:: Problem details ::
Scan the material below for the string "Hstable". Report every line that has it.

**** The input ****

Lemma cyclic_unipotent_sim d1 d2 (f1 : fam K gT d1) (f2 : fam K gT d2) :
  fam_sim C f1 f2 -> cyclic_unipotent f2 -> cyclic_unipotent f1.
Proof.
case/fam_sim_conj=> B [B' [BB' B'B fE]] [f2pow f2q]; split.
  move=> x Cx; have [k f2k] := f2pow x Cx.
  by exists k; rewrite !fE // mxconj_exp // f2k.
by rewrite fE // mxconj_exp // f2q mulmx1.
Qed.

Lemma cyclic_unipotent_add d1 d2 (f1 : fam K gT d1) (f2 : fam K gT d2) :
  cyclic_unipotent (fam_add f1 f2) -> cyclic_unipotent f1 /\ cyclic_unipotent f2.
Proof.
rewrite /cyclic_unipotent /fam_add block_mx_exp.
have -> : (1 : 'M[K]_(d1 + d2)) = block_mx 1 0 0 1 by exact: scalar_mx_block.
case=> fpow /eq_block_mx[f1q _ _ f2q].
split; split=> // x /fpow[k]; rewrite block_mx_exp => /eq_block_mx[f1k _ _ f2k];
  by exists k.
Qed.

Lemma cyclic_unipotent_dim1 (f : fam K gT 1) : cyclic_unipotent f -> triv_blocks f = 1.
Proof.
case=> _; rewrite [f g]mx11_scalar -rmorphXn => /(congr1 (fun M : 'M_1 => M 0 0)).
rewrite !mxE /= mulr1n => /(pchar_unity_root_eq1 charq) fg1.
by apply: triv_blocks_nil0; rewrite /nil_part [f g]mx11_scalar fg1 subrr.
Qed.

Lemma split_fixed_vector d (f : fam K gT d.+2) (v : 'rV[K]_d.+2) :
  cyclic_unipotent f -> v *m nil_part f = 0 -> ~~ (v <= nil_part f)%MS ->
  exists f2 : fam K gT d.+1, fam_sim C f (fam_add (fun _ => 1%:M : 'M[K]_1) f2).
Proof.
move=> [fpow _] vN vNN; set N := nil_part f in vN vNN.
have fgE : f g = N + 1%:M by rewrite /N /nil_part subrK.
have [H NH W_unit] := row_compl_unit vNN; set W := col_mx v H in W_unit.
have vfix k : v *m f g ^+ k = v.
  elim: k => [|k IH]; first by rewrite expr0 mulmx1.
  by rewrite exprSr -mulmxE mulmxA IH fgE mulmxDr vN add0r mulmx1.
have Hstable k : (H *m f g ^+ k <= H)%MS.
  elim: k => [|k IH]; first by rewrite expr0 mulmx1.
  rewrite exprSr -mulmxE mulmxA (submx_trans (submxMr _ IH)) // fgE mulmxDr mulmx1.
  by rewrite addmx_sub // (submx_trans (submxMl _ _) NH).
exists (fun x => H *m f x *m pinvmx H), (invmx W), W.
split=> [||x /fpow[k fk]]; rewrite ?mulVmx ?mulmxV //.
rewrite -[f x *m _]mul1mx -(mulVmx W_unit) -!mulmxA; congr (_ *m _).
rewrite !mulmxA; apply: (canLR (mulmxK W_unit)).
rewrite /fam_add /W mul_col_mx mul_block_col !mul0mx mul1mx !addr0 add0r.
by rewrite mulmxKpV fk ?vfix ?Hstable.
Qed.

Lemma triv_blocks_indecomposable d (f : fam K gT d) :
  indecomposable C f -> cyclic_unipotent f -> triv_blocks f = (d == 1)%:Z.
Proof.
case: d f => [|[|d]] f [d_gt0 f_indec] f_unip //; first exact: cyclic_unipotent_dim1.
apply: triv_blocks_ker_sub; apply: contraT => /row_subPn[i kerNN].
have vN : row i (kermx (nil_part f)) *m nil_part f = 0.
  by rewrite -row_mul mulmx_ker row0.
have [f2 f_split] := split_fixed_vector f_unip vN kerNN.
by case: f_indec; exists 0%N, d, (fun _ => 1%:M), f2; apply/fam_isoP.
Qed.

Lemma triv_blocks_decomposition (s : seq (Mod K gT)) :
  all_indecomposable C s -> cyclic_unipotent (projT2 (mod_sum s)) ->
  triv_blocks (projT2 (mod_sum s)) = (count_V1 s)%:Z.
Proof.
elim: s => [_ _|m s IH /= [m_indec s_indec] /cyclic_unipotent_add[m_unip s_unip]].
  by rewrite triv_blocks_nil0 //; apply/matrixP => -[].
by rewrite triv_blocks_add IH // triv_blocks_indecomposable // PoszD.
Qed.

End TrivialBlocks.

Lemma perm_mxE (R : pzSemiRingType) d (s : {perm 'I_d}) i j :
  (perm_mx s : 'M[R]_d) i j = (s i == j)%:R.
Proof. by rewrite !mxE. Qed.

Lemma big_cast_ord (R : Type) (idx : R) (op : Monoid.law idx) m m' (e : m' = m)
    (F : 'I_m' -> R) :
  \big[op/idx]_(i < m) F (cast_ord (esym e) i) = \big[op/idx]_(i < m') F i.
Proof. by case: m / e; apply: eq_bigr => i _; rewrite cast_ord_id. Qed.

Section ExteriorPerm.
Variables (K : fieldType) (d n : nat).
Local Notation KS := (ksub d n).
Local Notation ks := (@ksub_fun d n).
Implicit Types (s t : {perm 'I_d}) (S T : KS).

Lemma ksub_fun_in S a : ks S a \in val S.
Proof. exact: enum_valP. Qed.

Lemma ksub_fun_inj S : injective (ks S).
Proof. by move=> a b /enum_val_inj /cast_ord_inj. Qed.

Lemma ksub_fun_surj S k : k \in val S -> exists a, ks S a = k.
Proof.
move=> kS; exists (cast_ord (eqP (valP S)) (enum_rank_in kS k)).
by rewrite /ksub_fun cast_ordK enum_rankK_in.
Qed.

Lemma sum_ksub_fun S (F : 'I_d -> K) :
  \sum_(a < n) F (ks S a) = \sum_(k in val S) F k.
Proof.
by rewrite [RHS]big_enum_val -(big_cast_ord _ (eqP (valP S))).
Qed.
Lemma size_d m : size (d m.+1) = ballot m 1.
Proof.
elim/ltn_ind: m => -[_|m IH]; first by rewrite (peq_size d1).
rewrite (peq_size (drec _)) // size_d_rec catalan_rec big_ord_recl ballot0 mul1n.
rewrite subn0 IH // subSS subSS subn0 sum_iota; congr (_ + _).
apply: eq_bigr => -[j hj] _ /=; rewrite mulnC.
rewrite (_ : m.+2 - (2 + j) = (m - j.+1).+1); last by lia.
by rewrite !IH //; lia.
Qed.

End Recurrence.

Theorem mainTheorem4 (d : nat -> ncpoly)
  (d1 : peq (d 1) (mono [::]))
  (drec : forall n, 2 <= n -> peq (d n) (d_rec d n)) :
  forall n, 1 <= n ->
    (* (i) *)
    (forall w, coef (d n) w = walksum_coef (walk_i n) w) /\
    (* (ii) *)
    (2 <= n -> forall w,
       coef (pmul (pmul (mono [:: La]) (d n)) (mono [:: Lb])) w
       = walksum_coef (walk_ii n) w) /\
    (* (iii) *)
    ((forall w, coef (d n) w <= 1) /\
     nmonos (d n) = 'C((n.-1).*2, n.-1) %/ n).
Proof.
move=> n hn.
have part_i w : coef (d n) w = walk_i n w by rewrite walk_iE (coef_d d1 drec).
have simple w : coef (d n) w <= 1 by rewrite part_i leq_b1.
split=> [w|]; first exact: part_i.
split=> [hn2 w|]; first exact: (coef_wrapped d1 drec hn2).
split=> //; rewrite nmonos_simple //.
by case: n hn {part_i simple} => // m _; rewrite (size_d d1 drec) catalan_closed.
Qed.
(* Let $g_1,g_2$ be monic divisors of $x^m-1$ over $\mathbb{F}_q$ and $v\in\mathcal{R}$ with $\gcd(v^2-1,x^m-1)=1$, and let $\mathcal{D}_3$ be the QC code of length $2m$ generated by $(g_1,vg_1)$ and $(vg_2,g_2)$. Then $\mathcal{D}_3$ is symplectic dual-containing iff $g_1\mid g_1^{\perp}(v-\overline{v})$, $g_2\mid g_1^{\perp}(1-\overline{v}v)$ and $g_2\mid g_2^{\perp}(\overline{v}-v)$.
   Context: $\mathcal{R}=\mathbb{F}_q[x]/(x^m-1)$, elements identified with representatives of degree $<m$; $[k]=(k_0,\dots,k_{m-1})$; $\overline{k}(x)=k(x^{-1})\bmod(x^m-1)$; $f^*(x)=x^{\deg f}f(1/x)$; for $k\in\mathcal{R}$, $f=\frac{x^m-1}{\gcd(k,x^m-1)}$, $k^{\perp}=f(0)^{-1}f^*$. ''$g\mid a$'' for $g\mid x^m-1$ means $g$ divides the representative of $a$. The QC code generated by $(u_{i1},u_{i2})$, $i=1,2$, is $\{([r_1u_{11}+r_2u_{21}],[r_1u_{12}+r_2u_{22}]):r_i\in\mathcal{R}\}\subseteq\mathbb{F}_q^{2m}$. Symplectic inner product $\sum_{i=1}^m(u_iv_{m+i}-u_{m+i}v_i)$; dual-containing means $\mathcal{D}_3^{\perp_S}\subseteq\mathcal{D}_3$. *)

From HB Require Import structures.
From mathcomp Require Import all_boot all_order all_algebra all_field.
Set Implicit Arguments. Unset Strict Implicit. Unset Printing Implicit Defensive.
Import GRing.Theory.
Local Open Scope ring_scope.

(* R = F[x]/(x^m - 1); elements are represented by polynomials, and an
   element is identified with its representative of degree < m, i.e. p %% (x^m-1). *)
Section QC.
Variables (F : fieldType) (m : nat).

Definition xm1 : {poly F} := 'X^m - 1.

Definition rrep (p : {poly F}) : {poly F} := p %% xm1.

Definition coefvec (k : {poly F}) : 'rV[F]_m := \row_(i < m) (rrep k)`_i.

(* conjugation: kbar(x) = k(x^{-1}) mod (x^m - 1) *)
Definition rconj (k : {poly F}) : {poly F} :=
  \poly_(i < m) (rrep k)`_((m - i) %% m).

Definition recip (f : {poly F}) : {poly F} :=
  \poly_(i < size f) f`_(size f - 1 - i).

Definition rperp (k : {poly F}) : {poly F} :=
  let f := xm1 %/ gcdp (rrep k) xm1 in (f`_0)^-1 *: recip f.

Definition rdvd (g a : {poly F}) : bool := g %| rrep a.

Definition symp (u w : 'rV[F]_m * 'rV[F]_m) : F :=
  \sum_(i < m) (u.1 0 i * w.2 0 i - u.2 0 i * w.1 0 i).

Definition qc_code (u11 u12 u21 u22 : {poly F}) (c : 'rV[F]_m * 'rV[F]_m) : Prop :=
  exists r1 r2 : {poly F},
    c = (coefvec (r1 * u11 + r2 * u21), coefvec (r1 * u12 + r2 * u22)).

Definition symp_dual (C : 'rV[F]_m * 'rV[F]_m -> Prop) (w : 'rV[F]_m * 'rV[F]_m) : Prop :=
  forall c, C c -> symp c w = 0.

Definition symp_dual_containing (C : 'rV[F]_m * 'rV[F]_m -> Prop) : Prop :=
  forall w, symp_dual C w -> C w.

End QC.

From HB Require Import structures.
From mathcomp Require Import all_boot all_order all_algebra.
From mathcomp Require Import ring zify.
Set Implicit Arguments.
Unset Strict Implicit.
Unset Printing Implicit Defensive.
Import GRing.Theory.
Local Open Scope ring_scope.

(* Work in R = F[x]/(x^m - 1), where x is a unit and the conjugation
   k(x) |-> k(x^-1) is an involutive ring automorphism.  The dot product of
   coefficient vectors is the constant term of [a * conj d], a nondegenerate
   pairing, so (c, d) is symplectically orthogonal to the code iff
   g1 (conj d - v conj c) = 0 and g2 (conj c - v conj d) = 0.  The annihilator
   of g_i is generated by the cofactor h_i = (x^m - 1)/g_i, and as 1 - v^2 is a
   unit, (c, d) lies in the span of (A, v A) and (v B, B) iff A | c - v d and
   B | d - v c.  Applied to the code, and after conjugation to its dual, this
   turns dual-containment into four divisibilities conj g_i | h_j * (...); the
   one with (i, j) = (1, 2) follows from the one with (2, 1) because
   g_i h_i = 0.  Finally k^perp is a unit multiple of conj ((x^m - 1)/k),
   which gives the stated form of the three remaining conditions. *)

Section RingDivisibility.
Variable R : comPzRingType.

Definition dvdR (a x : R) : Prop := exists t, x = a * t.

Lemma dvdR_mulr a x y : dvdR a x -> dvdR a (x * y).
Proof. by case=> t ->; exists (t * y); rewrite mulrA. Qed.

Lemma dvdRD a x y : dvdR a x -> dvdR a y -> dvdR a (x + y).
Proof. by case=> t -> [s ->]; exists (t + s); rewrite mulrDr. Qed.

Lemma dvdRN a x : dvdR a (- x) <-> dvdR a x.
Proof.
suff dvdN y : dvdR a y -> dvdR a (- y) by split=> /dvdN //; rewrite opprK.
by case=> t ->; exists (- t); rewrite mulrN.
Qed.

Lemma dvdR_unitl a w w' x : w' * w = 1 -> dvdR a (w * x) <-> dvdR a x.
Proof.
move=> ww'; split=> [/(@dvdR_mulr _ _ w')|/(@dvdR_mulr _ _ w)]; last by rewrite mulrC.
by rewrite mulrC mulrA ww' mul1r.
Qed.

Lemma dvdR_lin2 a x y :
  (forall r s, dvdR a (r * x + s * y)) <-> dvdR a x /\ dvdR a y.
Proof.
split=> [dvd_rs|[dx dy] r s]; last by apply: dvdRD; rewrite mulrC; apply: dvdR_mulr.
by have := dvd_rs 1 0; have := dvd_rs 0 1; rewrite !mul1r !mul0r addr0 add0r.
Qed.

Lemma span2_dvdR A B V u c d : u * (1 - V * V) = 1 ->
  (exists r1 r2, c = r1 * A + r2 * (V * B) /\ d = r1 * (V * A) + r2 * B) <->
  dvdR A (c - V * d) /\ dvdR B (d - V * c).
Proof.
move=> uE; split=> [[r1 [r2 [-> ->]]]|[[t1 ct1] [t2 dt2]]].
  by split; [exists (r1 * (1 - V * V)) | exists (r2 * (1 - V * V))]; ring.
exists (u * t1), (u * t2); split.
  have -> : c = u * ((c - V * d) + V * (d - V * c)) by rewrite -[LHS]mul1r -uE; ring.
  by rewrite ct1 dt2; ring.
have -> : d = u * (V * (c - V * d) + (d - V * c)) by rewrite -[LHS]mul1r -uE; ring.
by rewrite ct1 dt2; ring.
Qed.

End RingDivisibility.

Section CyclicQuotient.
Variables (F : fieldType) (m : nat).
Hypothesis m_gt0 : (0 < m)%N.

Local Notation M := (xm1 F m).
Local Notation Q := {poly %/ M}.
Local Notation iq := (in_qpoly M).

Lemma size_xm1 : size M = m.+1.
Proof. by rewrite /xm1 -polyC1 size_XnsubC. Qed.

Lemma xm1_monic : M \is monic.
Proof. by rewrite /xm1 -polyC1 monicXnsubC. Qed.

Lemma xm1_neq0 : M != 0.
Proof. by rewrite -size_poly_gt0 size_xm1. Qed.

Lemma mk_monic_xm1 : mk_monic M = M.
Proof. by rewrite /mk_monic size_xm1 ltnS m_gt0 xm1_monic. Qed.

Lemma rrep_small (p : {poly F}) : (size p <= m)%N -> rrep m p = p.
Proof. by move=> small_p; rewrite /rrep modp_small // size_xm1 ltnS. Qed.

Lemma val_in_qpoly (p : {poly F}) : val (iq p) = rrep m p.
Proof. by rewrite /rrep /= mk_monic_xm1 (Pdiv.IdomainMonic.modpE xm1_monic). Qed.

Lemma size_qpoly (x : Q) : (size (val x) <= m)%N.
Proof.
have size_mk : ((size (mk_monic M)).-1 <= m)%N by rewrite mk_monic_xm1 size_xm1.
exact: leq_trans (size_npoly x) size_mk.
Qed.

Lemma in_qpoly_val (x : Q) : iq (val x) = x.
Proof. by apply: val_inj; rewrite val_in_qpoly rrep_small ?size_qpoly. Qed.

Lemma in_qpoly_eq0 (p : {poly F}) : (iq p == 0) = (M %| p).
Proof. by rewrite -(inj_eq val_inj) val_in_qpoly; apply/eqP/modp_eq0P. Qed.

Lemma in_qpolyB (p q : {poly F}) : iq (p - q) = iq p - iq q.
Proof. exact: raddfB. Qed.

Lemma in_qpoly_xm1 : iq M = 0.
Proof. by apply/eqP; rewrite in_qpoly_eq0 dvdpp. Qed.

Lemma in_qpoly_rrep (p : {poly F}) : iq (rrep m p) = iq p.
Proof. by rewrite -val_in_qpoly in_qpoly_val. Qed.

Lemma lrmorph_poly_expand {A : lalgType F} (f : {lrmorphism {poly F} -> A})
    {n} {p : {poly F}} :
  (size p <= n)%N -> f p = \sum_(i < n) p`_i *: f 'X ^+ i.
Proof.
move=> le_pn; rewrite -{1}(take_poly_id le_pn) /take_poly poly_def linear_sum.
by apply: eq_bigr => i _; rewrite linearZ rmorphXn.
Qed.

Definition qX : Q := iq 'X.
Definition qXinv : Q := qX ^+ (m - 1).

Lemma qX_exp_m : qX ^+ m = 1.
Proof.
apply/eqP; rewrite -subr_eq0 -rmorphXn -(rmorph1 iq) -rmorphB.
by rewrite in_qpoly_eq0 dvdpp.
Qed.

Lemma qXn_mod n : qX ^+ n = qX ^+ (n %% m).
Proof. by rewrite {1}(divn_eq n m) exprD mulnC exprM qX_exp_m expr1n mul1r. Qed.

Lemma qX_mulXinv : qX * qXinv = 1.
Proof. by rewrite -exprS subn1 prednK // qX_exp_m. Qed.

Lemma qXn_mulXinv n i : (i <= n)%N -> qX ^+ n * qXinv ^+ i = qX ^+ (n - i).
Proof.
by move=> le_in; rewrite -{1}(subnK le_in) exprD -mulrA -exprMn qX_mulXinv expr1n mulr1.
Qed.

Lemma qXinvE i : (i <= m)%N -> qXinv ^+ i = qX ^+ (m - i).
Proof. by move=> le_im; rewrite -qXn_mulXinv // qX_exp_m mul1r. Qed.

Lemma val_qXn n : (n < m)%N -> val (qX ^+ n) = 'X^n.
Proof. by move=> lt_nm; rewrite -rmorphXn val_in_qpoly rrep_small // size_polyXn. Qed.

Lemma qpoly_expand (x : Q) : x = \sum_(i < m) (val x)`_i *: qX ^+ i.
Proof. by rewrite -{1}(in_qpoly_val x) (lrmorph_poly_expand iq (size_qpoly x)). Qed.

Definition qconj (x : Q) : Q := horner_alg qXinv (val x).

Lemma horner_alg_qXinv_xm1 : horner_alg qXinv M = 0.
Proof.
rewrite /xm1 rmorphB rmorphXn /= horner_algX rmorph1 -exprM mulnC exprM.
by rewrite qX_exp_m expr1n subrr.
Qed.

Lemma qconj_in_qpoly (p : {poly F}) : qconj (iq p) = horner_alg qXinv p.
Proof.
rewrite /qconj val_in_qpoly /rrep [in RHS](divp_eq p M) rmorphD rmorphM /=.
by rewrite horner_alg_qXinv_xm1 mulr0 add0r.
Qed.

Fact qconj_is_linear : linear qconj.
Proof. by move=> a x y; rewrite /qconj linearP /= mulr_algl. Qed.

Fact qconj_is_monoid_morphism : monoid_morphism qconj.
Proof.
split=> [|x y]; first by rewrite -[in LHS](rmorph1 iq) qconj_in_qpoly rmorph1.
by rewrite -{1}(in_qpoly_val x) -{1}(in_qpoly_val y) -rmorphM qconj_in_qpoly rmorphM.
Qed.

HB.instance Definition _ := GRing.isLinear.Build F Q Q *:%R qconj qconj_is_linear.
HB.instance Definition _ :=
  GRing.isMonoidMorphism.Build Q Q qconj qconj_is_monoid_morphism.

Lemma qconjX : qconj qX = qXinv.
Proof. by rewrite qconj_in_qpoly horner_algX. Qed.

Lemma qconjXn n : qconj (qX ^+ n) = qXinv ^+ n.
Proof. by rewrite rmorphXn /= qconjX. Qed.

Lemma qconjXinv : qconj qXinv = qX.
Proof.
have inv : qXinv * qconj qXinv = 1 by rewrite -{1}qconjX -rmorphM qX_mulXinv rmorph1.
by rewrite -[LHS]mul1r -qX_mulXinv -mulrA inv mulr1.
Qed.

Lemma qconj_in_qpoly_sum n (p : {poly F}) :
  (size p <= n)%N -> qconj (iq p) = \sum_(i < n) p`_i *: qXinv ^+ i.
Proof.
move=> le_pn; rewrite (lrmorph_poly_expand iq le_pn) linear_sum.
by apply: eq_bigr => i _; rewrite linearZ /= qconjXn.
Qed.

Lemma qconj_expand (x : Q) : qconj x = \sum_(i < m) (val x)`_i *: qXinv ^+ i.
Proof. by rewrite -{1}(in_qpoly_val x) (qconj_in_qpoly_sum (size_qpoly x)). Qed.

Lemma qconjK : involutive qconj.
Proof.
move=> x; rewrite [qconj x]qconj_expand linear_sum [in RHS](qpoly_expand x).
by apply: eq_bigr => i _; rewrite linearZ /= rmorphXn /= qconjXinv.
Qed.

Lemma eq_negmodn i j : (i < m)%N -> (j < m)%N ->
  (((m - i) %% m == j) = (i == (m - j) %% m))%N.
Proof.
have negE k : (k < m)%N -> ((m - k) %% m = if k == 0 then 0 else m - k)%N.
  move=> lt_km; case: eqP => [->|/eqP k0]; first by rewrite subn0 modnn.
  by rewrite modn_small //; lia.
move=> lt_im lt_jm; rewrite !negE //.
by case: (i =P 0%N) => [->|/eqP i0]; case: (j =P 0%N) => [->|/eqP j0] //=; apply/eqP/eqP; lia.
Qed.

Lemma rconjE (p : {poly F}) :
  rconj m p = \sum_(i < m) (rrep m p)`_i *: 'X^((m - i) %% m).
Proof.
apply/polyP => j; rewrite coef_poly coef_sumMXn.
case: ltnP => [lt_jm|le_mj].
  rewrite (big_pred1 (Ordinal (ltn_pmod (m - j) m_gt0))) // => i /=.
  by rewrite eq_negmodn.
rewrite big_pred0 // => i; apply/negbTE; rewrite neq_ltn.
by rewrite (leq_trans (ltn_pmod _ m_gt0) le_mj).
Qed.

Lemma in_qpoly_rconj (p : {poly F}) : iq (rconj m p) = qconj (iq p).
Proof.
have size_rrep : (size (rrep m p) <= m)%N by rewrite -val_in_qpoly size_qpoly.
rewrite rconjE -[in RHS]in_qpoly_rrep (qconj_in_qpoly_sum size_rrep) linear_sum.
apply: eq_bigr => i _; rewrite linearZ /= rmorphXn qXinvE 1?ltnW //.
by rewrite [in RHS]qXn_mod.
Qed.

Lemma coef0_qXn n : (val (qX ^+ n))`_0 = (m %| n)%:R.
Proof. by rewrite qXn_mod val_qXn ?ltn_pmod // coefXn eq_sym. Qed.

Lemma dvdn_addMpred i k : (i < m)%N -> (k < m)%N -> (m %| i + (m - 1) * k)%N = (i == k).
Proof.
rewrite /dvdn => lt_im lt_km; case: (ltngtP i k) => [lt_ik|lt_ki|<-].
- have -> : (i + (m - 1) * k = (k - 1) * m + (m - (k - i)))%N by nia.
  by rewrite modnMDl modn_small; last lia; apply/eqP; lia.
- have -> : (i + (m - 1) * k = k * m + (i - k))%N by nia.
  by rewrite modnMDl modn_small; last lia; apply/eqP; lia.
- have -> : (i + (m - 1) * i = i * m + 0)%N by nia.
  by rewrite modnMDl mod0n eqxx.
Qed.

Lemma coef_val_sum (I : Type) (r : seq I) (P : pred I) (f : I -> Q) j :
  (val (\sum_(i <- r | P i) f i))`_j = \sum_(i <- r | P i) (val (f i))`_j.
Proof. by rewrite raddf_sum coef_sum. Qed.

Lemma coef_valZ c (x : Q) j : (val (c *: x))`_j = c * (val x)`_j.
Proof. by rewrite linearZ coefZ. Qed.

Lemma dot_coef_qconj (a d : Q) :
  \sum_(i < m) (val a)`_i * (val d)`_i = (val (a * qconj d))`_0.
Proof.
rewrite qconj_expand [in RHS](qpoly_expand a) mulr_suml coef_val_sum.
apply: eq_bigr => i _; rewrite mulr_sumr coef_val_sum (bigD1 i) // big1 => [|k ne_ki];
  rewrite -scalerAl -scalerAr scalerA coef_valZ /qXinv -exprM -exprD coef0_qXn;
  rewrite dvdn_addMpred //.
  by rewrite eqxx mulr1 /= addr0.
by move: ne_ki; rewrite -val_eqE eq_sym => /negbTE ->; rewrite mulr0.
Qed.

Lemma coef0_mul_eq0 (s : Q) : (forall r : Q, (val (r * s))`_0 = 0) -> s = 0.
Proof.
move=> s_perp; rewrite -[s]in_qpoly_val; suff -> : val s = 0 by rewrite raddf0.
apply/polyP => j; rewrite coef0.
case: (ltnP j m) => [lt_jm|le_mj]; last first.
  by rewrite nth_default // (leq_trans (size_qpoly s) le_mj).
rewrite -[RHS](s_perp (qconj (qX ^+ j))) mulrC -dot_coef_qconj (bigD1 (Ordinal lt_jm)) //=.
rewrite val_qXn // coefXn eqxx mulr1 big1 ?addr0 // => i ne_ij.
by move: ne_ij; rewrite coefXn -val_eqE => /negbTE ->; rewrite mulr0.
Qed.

****

:: Task output ::
have Hstable k : (H *m f g ^+ k <= H)%MS.
by rewrite mulmxKpV fk ?vfix ?Hstable.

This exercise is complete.